● **TASK DIRECTIONS**
Find the string "matrixP" in the data, then copy every line where it is found.

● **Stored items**
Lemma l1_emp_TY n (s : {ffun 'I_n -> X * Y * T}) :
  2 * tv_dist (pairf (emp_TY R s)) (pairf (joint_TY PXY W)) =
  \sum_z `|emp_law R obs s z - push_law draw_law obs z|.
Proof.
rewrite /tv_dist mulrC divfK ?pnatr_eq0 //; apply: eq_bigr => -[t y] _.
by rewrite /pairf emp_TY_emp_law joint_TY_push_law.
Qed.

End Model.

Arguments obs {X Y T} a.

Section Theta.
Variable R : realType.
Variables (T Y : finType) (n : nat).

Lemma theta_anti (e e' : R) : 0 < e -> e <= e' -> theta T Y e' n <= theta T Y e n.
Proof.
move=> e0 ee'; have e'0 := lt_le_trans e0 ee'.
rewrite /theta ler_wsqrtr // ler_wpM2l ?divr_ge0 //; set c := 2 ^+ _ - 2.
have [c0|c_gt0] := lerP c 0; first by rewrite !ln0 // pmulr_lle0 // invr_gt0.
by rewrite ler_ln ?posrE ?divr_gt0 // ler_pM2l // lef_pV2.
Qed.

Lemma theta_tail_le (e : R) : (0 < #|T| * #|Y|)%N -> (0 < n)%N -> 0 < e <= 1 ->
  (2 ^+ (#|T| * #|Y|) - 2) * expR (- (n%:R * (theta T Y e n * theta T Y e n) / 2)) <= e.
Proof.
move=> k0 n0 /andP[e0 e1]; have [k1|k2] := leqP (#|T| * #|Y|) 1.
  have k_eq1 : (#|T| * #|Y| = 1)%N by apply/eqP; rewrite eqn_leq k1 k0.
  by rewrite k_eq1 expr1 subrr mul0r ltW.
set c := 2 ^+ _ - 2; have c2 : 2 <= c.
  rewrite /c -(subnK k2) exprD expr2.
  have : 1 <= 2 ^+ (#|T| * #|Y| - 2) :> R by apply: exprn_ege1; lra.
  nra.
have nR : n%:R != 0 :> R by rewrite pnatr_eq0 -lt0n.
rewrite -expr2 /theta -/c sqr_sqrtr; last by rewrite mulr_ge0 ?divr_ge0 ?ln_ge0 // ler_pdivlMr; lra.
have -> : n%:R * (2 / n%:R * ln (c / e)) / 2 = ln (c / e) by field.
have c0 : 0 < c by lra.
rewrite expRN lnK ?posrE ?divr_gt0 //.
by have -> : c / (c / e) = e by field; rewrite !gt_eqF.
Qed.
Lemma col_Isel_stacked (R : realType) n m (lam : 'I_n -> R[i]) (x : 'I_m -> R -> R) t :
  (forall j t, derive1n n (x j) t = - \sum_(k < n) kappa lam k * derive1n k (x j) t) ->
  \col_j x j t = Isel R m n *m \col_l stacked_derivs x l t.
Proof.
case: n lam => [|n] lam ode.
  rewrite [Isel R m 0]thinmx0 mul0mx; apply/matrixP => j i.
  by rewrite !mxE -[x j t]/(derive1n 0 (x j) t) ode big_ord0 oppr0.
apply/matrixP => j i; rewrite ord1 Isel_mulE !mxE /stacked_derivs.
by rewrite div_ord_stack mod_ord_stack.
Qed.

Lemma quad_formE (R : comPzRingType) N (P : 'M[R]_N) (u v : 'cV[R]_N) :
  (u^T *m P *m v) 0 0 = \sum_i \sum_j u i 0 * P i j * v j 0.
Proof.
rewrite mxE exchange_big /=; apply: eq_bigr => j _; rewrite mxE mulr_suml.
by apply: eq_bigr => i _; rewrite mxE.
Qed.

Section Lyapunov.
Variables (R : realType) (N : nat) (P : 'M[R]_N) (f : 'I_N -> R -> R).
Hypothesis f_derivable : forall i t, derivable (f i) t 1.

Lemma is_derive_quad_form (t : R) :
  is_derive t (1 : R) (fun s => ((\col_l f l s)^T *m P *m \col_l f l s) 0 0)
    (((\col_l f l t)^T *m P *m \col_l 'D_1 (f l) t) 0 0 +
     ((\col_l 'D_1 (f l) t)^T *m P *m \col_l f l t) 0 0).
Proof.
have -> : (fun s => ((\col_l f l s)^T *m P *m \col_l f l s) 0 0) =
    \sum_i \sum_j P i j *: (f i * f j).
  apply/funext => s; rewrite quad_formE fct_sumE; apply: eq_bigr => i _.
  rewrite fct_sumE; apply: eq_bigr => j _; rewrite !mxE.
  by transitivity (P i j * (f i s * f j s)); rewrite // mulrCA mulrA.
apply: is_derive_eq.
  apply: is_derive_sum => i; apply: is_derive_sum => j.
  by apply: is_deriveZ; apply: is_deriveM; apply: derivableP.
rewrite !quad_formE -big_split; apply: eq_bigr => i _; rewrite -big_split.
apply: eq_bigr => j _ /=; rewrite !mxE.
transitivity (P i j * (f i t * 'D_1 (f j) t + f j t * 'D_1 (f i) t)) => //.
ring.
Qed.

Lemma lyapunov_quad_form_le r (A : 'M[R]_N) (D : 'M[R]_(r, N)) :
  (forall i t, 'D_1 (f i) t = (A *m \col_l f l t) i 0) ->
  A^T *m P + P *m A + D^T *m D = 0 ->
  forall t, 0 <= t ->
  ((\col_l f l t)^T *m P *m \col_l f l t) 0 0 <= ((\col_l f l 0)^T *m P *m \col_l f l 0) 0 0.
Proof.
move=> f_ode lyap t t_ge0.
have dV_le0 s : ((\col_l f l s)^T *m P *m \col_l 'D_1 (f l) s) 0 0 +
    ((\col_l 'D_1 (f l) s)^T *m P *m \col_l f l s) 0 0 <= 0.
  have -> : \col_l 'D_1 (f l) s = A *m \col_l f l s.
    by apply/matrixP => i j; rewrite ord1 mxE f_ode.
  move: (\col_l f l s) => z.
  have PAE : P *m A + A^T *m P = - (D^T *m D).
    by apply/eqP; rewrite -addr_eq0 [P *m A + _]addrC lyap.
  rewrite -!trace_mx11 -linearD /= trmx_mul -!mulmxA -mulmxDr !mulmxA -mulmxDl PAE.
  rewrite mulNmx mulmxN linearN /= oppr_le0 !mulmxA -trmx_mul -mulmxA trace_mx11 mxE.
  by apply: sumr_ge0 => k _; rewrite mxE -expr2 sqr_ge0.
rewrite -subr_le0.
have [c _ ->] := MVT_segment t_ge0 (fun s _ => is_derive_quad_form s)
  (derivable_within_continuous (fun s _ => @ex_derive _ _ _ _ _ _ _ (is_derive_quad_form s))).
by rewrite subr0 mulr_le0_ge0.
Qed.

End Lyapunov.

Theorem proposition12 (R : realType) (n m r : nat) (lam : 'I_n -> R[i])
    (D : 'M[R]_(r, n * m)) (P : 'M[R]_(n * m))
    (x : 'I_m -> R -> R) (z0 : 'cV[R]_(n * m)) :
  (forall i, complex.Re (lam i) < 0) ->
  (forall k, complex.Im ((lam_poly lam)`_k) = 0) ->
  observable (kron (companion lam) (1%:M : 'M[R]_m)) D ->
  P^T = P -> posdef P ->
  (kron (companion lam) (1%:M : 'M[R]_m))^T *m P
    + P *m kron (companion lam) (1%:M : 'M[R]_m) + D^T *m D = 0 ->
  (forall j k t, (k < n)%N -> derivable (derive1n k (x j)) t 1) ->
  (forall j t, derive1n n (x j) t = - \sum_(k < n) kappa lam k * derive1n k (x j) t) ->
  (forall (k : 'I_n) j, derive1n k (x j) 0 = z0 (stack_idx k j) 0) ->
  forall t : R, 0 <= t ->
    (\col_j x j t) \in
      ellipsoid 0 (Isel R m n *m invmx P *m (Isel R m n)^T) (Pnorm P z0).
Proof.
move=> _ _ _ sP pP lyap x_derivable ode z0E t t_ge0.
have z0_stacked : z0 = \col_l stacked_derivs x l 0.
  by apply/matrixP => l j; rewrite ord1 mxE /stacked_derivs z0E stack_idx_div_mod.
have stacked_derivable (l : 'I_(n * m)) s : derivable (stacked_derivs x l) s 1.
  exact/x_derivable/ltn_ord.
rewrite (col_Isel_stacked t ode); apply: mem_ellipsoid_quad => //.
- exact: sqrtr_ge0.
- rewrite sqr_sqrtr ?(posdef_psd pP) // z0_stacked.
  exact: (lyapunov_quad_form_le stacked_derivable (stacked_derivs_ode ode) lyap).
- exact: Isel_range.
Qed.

● **RESULT OF THE EXERCISE**
  rewrite [Isel R m 0]thinmx0 mul0mx; apply/matrixP => j i.
apply/matrixP => j i; rewrite ord1 Isel_mulE !mxE /stacked_derivs.
    by apply/matrixP => i j; rewrite ord1 mxE f_ode.
  by apply/matrixP => l j; rewrite ord1 mxE /stacked_derivs z0E stack_idx_div_mod.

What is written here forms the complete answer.